Candid, passionate and full of life, the book is a vivid narration of a voracious music lover. While it has a confessional note to it, the book shows the evolution of the individual and music genres in Hindi language which paradoxically does not happen to be the mother tongue of the author. Mohan was born in Chennai and spent his infancy in Kolkata and later moved to Mumbai. This explains the subtitle of the book ‘A Mumbai Tamil’s Musical Journey.’ Quipping about his eccentricity and highlighting the unique position he finds himself in Mohan notes, “You see I am not a boomer/ Gen X curmudgeon who heard the songs of the golden era as they happened, on radio or LP or cassette.”

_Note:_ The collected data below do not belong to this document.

(* Let $q_1,\ldots,q_g$ be binary quadratic forms with integer coefficients, let $D\in\mathbb N$, $\mathbf z\in\mathbb Z^2$, and let $d_1,\ldots,d_g$ be positive integers with $\gcd(d_i,D)=1$ for $i=1,\ldots,g$. Then for every $\mathcal R\subset\mathbb R^2$, $$\#(\Lambda_{\mathbf d}\cap\mathcal R\cap\Psi)=\sum_{b\mid\psi(\mathbf d)}\#\bigl(\Lambda^*_{\mathbf c}\cap\mathcal R/b\cap\Psi_b\bigr),$$ where, for each $b$, $\mathbf c=(c_1,\ldots,c_g)$ with $c_i:=d_i/\gcd(d_i,b^2)$.
   Context: $\Lambda_{\mathbf d}:=\{\mathbf x\in\mathbb Z^2:d_i\mid q_i(\mathbf x),\ i=1,\ldots,g\}$; $\Lambda^*_{\mathbf c}:=\{\mathbf x\in\Lambda_{\mathbf c}:\gcd(x_1,x_2,c_1\cdots c_g)=1\}$; $\Psi:=\{\mathbf x\in\mathbb Z^2:\mathbf x\equiv\mathbf z\pmod D\}$; $\Psi_b:=\{\mathbf x\in\mathbb Z^2:b\mathbf x\in\Psi\}$; $\mathcal R/b:=\{\mathbf y/b:\mathbf y\in\mathcal R\}$. The function $\psi$ on $g$-tuples of positive integers is multiplicative (i.e. $\psi(\mathbf d)=\prod_p\psi(p^{v_p(d_1)},\ldots,p^{v_p(d_g)})$) with $\psi(p^{\alpha_1},\ldots,p^{\alpha_g}):=p^{\lceil\max(\alpha_1,\ldots,\alpha_g)/2\rceil}$. *)

From HB Require Import structures.
From mathcomp Require Import all_boot all_order all_algebra.
From mathcomp Require Import boolp classical_sets functions cardinality reals ereal.
From mathcomp Require Import counting_measure.
Set Implicit Arguments. Unset Strict Implicit. Unset Printing Implicit Defensive.
Import Order.TTheory GRing.Theory Num.Theory.
Local Open Scope ring_scope.
Local Open Scope classical_set_scope.

(* A binary quadratic form with integer coefficients (a,b,c) represents
   q(x1,x2) = a x1^2 + b x1 x2 + c x2^2. *)
Definition bqf := (int * int * int)%type.

Definition qeval (q : bqf) (x : int * int) : int :=
  q.1.1 * x.1 ^+ 2 + q.1.2 * x.1 * x.2 + q.2 * x.2 ^+ 2.

Definition Lambda (g : nat) (q : 'I_g -> bqf) (d : 'I_g -> nat) : set (int * int) :=
  [set x | forall i : 'I_g, ((d i)%:Z %| qeval (q i) x)%Z].

Definition Lambda_star (g : nat) (q : 'I_g -> bqf) (c : 'I_g -> nat) : set (int * int) :=
  [set x | Lambda q c x /\ gcdz (gcdz x.1 x.2) (\prod_(i < g) c i)%:Z = 1].

Definition Psi (D : nat) (z : int * int) : set (int * int) :=
  [set x | (x.1 = z.1 %[mod D%:Z])%Z /\ (x.2 = z.2 %[mod D%:Z])%Z].

Definition Psi_b (D : nat) (z : int * int) (b : nat) : set (int * int) :=
  [set x | Psi D z (b%:Z * x.1, b%:Z * x.2)].

Definition in_region (R : realType) (Rg : set (R * R)) : set (int * int) :=
  [set x | Rg (x.1%:~R, x.2%:~R)].

Definition region_div (R : realType) (Rg : set (R * R)) (b : nat) : set (R * R) :=
  [set (y.1 / b%:R, y.2 / b%:R) | y in Rg].

(* psi(d) = prod_p p^(ceil(max_i v_p(d_i) / 2)); the product runs over the
   primes dividing some d_i (other primes contribute p^0 = 1). *)
Definition psi (g : nat) (d : 'I_g -> nat) : nat :=
  \prod_(p <- primes (\prod_(i < g) d i)) (p ^ uphalf (\max_(i < g) logn p (d i)))%N.

Definition cvec (g : nat) (d : 'I_g -> nat) (b : nat) : 'I_g -> nat :=
  fun i => (d i %/ gcdn (d i) (b ^ 2))%N.

(* Write x in Lambda_d as b y, where b := gcd(x1, x2, psi(d)) is the level of x.
   Since d_i | b^2 n iff c_i | n, multiplication by b maps Lambda_c onto the
   points of Lambda_d divisible by b, and b y lies in R and Psi iff y lies in
   R/b and Psi_b.  As gcd(b y, psi(d)) = b gcd(y, psi(d)/b), the level of b y
   is b exactly when y is coprime to psi(d)/b.  Because psi(d) is the least m
   with d_i | m^2 for all i, the primes dividing psi(d)/b are those dividing
   some c_i, so this is the condition gcd(y1, y2, c_1 ... c_g) = 1 defining
   Lambda*_c.  Counting the fibres of the level over the divisors of psi(d)
   gives the identity. *)

From HB Require Import structures.
From mathcomp Require Import all_boot all_order all_algebra finmap.
From mathcomp Require Import boolp classical_sets functions cardinality reals ereal.
From mathcomp Require Import counting_measure.
From mathcomp Require Import zify ring.
Set Implicit Arguments. Unset Strict Implicit. Unset Printing Implicit Defensive.
Import Order.TTheory GRing.Theory Num.Theory.
Local Open Scope ring_scope.
Local Open Scope classical_set_scope.

Section Counting.
Variables (T U : choiceType) (R : realType).

Lemma counting_setU (A B : set T) : A `&` B = set0 ->
  @counting _ R (A `|` B) = (counting A + counting B)%E.
Proof.
move=> AB0; rewrite /counting.
have [fA|iA] := pselect (finite_set A); last first.
  rewrite (asboolF iA) asboolF ?finite_setU => [|[]//].
  by rewrite addye //; case: ifPn.
have [fB|iB] := pselect (finite_set B); last first.
  rewrite (asboolF iB) asboolF ?finite_setU => [|[]//].
  by rewrite addey // asboolT.
rewrite !asboolT ?finite_setU // fset_setU //.
have := cardfsUI (fset_set A) (fset_set B).
by rewrite -fset_setI // AB0 fset_set0 cardfs0 addn0 => ->; rewrite natrD EFinD.
Qed.

Lemma counting_image (f : T -> U) (A : set T) : injective f ->
  @counting _ R (f @` A) = counting A.
Proof.
move=> f_inj; rewrite /counting.
have [fA|iA] := pselect (finite_set A).
  rewrite asboolT; last exact: finite_image.
  by rewrite asboolT // fset_set_image // card_imfset.
rewrite !asboolF //; apply: contra_not iA => /(finite_preimage (in2W f_inj)).
exact/sub_finite_set/preimage_image.
Qed.

Lemma counting_fibres (I : eqType) (f : T -> I) (s : seq I) (A : set T) :
  uniq s -> (forall x, A x -> f x \in s) ->
  @counting _ R A = (\sum_(i <- s) counting (A `&` f @^-1` [set i]))%E.
Proof.
elim: s A => [|j s IHs] A /=.
  move=> _ fA; suff -> : A = set0.
    by rewrite big_nil /counting asboolT // fset_set0.
  by apply/seteqP; split => // x /fA.
move=> /andP[js us] fA; rewrite big_cons.
rewrite -{1}(setIT A) -(setUv (f @^-1` [set j])) setIUr.
rewrite counting_setU; last by rewrite setIACA setICr setI0.
congr (_ + _)%E; rewrite (IHs _ us) => [|x [Ax /eqP fxj]]; last first.
  by move: (fA x Ax); rewrite inE (negbTE fxj).
apply: eq_big_seq => i si; congr counting; rewrite -setIA; congr (_ `&` _).
apply/seteqP; split => [x []//|x /= ->]; split => //.
by move=> eij; move: js; rewrite -eij si.
Qed.

End Counting.

Section Divisibility.
Local Open Scope nat_scope.

Lemma dvdn_from_log m n : 0 < m -> 0 < n ->
  (forall p, prime p -> logn p m <= logn p n) -> m %| n.
Proof.
move=> m0 n0 le_mn; apply/(dvdn_partP _ m0) => p.
by rewrite mem_primes p_part => /and3P[pp _ _]; rewrite pfactor_dvdn ?le_mn.
Qed.

Lemma logn_prod_pfactor (s : seq nat) (e : nat -> nat) p :
  prime p -> uniq s -> all prime s ->
  logn p (\prod_(r <- s) r ^ e r) = if p \in s then e p else 0.
Proof.
move=> pp; elim: s => [|r s IHs] /=; first by rewrite big_nil logn1.
move=> /andP[rs us] /andP[pr ps]; rewrite big_cons inE.
have s_gt0 : 0 < \prod_(t <- s) t ^ e t.
  rewrite big_seq prodn_cond_gt0 // => t /(allP ps) /prime_gt0 t0.
  by rewrite expn_gt0 t0.
rewrite lognM ?expn_gt0 ?(prime_gt0 pr) // IHs // lognX logn_prime //.
by case: (eqVneq p r) => [->|_] /=; rewrite ?(negbTE rs) ?muln1 ?addn0 ?muln0.
Qed.

Lemma coprime_from_primes m n : 0 < n ->
  (forall p, prime p -> p %| n -> ~~ (p %| m)) -> coprime m n.
Proof.
move=> n0 no_common; rewrite /coprime eqn_leq gcdn_gt0 n0 orbT andbT leqNgt.
apply/negP => /pdiv_prime pp; set p := pdiv _ in pp.
have := no_common p pp (dvdn_trans (pdiv_dvd _) (dvdn_gcdr m n)).
by rewrite (dvdn_trans (pdiv_dvd _) (dvdn_gcdl m n)).
Qed.

Lemma dvdn_mul_divgcd d b m : 0 < d -> (d %| b * m) = (d %/ gcdn d b %| m).
Proof.
move=> d0; have g0 : 0 < gcdn d b by rewrite gcdn_gt0 d0.
have cop : coprime (d %/ gcdn d b) (b %/ gcdn d b).
  rewrite /coprime -(eqn_pmul2r g0) mul1n muln_gcdl.
  by rewrite !divnK ?dvdn_gcdl ?dvdn_gcdr.
rewrite -(Gauss_dvdr _ cop) -[in RHS](dvdn_pmul2r g0) mulnAC.
by rewrite !divnK ?dvdn_gcdl ?dvdn_gcdr.
Qed.

End Divisibility.

Section Psi.
Local Open Scope nat_scope.
Variables (g : nat) (d : 'I_g -> nat).
Hypothesis d_gt0 : forall i, 0 < d i.

Lemma psi_gt0 : 0 < psi d.
Proof.
rewrite /psi big_seq prodn_cond_gt0 // => p.
by rewrite mem_primes => /andP[/prime_gt0 p0 _]; rewrite expn_gt0 p0.
Qed.

Lemma logn_psi p : prime p -> logn p (psi d) = uphalf (\max_(i < g) logn p (d i)).
Proof.
move=> pp; rewrite /psi logn_prod_pfactor ?primes_uniq //; last first.
  by apply/allP => r; rewrite mem_primes => /andP[].
case: ifP => // /negbT p_prod; suff -> : \max_(i < g) logn p (d i) = 0 by [].
apply/eqP; rewrite -leqn0; apply/bigmax_leqP => i _; rewrite leqn0 eqn0Ngt.
apply: contra p_prod; rewrite logn_gt0 !mem_primes pp prodn_gt0 //=.
by move=> /andP[_ /dvdn_trans]; apply; rewrite (bigD1 i) //= dvdn_mulr.
Qed.

Lemma dvdn_sqr_psi i : d i %| psi d ^ 2.
Proof.
apply: dvdn_from_log; rewrite ?expn_gt0 ?psi_gt0 // => p pp.
rewrite lognX logn_psi // uphalfE.
have : logn p (d i) <= \max_(j < g) logn p (d j) by apply: (leq_bigmax i).
move: (\max_(j < g) _) => M; lia.
Qed.

Lemma psi_dvdn m : 0 < m -> (forall i, d i %| m ^ 2) -> psi d %| m.
Proof.
move=> m0 dm; apply: dvdn_from_log; rewrite ?psi_gt0 // => p pp.
rewrite logn_psi // uphalfE.
have : \max_(j < g) logn p (d j) <= 2 * logn p m.
  apply/bigmax_leqP => i _; rewrite -lognX.
  by apply: dvdn_leq_log; rewrite ?expn_gt0 ?m0.
move: (\max_(j < g) _) => M; lia.
Qed.

Section Cofactor.
Variable b : nat.
Hypothesis b_psi : b %| psi d.
Let k := psi d %/ b.

Lemma psi_cofactorE : psi d = b * k.
Proof. by rewrite mulnC divnK. Qed.

Lemma divisor_cofactor_gt0 : 0 < b /\ 0 < k.
Proof. by apply/andP; rewrite -muln_gt0 -psi_cofactorE psi_gt0. Qed.

Lemma cvec_dvdn_sqr i : cvec d b i %| k ^ 2.
Proof.
by rewrite /cvec -dvdn_mul_divgcd // -expnMn -psi_cofactorE dvdn_sqr_psi.
Qed.

Lemma prime_dvdn_cvec p : prime p -> p %| k -> [exists i, p %| cvec d b i].
Proof.
move=> pp p_k; apply: contraT => /existsPn p_cvec.
have [b0 k0] := divisor_cofactor_gt0.
have kp0 : 0 < k %/ p by rewrite divn_gt0 ?prime_gt0 // dvdn_leq.
have d_sqr i : d i %| (b * (k %/ p)) ^ 2.
  rewrite expnMn dvdn_mul_divgcd //.
  have cop : coprime (cvec d b i) (p ^ 2).
    by rewrite coprimeXr // coprime_sym prime_coprime.
  by rewrite -(Gauss_dvdl _ cop) -expnMn divnK ?cvec_dvdn_sqr.
have bkp0 : 0 < b * (k %/ p) by rewrite muln_gt0 b0.
(* b * (k / p) would be a smaller m than psi d with d i %| m ^ 2 for all i. *)
have := psi_dvdn bkp0 d_sqr.
rewrite psi_cofactorE dvdn_pmul2l // => /(dvdn_leq kp0).
by rewrite leqNgt ltn_Pdiv ?prime_gt1.
Qed.

Lemma coprime_prod_cvec G :
  coprime G (\prod_(i < g) cvec d b i) = coprime G k.
Proof.
apply/idP/idP => [cop_prod|cop_k].
  apply: coprime_from_primes => [|p pp /(prime_dvdn_cvec pp) /existsP[i p_ci]].
    by case: divisor_cofactor_gt0.
  have p_prod : p %| \prod_(j < g) cvec d b j.
    by rewrite (dvdn_trans p_ci) // (bigD1 i) //= dvdn_mulr.
  apply: contraL cop_prod => p_G; apply/negP => /(coprime_dvdl p_G).
  by rewrite prime_coprime // p_prod.
apply: (big_ind (coprime G)); first exact: coprimen1.
  by move=> x y; rewrite coprimeMr => -> ->.
by move=> i _; apply: coprime_dvdr (cvec_dvdn_sqr i) (coprimeXr 2 cop_k).
Qed.

End Cofactor.
End Psi.

Definition content (x : int * int) : nat := gcdn `|x.1| `|x.2|.

Definition scale (b : nat) (x : int * int) : int * int :=
  (b%:Z * x.1, b%:Z * x.2).

Lemma scale_inj b : (0 < b)%N -> injective (scale b).
Proof.
move=> b0 [x1 x2] [y1 y2] [e1 e2]; have bz : b%:Z != 0 by rewrite eqz_nat -lt0n.
by rewrite (mulfI bz e1) (mulfI bz e2).
Qed.

Lemma qeval_scale (q : bqf) b x : qeval q (scale b x) = b%:Z ^+ 2 * qeval q x.
Proof. by rewrite /qeval /=; ring. Qed.

Lemma content_scale b x : content (scale b x) = (b * content x)%N.
Proof. by rewrite /content /= !abszM muln_gcdr. Qed.

Lemma dvdn_content_scale b x : (b %| content x)%N -> exists y, x = scale b y.
Proof.
case: x => x1 x2 /= b_x; exists ((x1 %/ b%:Z)%Z, (x2 %/ b%:Z)%Z).
rewrite /scale /= !(mulrC b%:Z) !divzK // dvdzE /=.
- exact: dvdn_trans b_x (dvdn_gcdr _ _).
- exact: dvdn_trans b_x (dvdn_gcdl _ _).
Qed.

Lemma Lambda_scale g (q : 'I_g -> bqf) (d : 'I_g -> nat) b y :
  (forall i, (0 < d i)%N) -> Lambda q d (scale b y) <-> Lambda q (cvec d b) y.
Proof.
move=> d_gt0; split => L i; have := L i;
  by rewrite qeval_scale !dvdzE abszM abszX /= dvdn_mul_divgcd.
Qed.

Lemma Lambda_starE g (q : 'I_g -> bqf) (c : 'I_g -> nat) y :
  Lambda_star q c y <-> Lambda q c y /\ coprime (content y) (\prod_(i < g) c i).
Proof.
rewrite /Lambda_star /coprime; split => -[L cop]; split => //.
  by case: cop => ->.
by rewrite /gcdz (eqP cop).
Qed.

Lemma in_region_scale (R : realType) (Rg : set (R * R)) b y : (0 < b)%N ->
  in_region Rg (scale b y) <-> in_region (region_div Rg b) y.
Proof.
move=> b0; have bR0 : (b%:R : R) != 0 by rewrite pnatr_eq0 -lt0n.
rewrite /in_region /region_div /= !intrM; split => [Ry | [[r1 r2] Rr [<- <-]]].
  by exists (b%:R * y.1%:~R, b%:R * y.2%:~R) => //=; rewrite !(mulrC b%:R) !mulfK.
by rewrite !(mulrC b%:R) !divfK.
Qed.

Section Level.
Variables (R : realType) (g : nat) (q : 'I_g -> bqf) (D : nat) (z : int * int).
Variables (d : 'I_g -> nat) (Rg : set (R * R)).
Hypothesis d_gt0 : forall i, (0 < d i)%N.

Definition level (x : int * int) : nat := gcdn (content x) (psi d).

Lemma level_scale b y : (b %| psi d)%N ->
  level (scale b y) = (b * gcdn (content y) (psi d %/ b))%N.
Proof.
by move=> b_psi; rewrite /level content_scale {1}(psi_cofactorE b_psi) muln_gcdr.
Qed.

Lemma image_scale_level b : (b %| psi d)%N ->
  scale b @` (Lambda_star q (cvec d b) `&` in_region (region_div Rg b)
              `&` Psi_b D z b) =
  Lambda q d `&` in_region Rg `&` Psi D z `&` level @^-1` [set b].
Proof.
move=> b_psi; have [b0 _] := divisor_cofactor_gt0 b_psi.
have levelE y : level (scale b y) = b <-> coprime (content y) (psi d %/ b).
  rewrite level_scale // /coprime; split => [lvl|/eqP ->]; last exact: muln1.
  by rewrite -(eqn_pmul2l b0) lvl muln1.
apply/seteqP; split => [_ [y [[/Lambda_starE[Ly cop] Ry] Py] <-] | x].

  split; last by apply/levelE; rewrite -(coprime_prod_cvec d_gt0 b_psi).
  by split; [split; [apply/Lambda_scale | apply/in_region_scale] |].
move=> [[[Lx Rx] Px] lx]; have [y xE] : exists y, x = scale b y.
  by apply: dvdn_content_scale; rewrite -lx dvdn_gcdl.
move: Lx Rx Px lx; rewrite xE => /(Lambda_scale _ _ _ d_gt0) Ly.
move=> /(in_region_scale _ _ b0) Ry Py /levelE cop.
exists y => //; split => //; split; last exact: Ry.
by apply/Lambda_starE; split; rewrite ?(coprime_prod_cvec d_gt0 b_psi).
Qed.

End Level.

Theorem lemma2p2 (R : realType) (g : nat) (q : 'I_g -> bqf) (D : nat)
  (z : int * int) (d : 'I_g -> nat)
  (dpos : forall i, (0 < d i)%N) (dcop : forall i, coprime (d i) D)
  (Rg : set (R * R)) :
  @counting _ R (Lambda q d `&` in_region Rg `&` Psi D z) =
  (\sum_(b <- divisors (psi d))
     @counting _ R (Lambda_star q (cvec d b) `&` in_region (region_div Rg b)
               `&` Psi_b D z b))%E.
Proof.
have psi0 := psi_gt0 d.
rewrite (@counting_fibres _ R _ (level d) (divisors (psi d))) ?divisors_uniq //;
  last by move=> x _; rewrite -dvdn_divisors // dvdn_gcdr.
apply: eq_big_seq => b; rewrite -dvdn_divisors // => b_psi.
have [b0 _] := divisor_cofactor_gt0 b_psi.
rewrite -(image_scale_level q D z Rg dpos b_psi).
exact/counting_image/scale_inj.
Qed.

This is what brings in the intriguing factor of the book. For someone who is not fluent with the Hindi language and has mostly spent time with Western music, will an analytical book about Indian music penned down by him be credible? Regardless of the popularity of his blog posts, Mohan’s charm is in his writing style. He is a genuinely smart conversationalist. He knows how to introduce his topic, elaborate the facts without misinterpreting them and speak from the heart. The language is simple and easy to follow with an eye for detail that jots down every single thing necessary to build the scene, to charm the reader, to keep him wanting for more. Its almost like attending a live concert. The witing style is brutally honest, straight forward, and to the point.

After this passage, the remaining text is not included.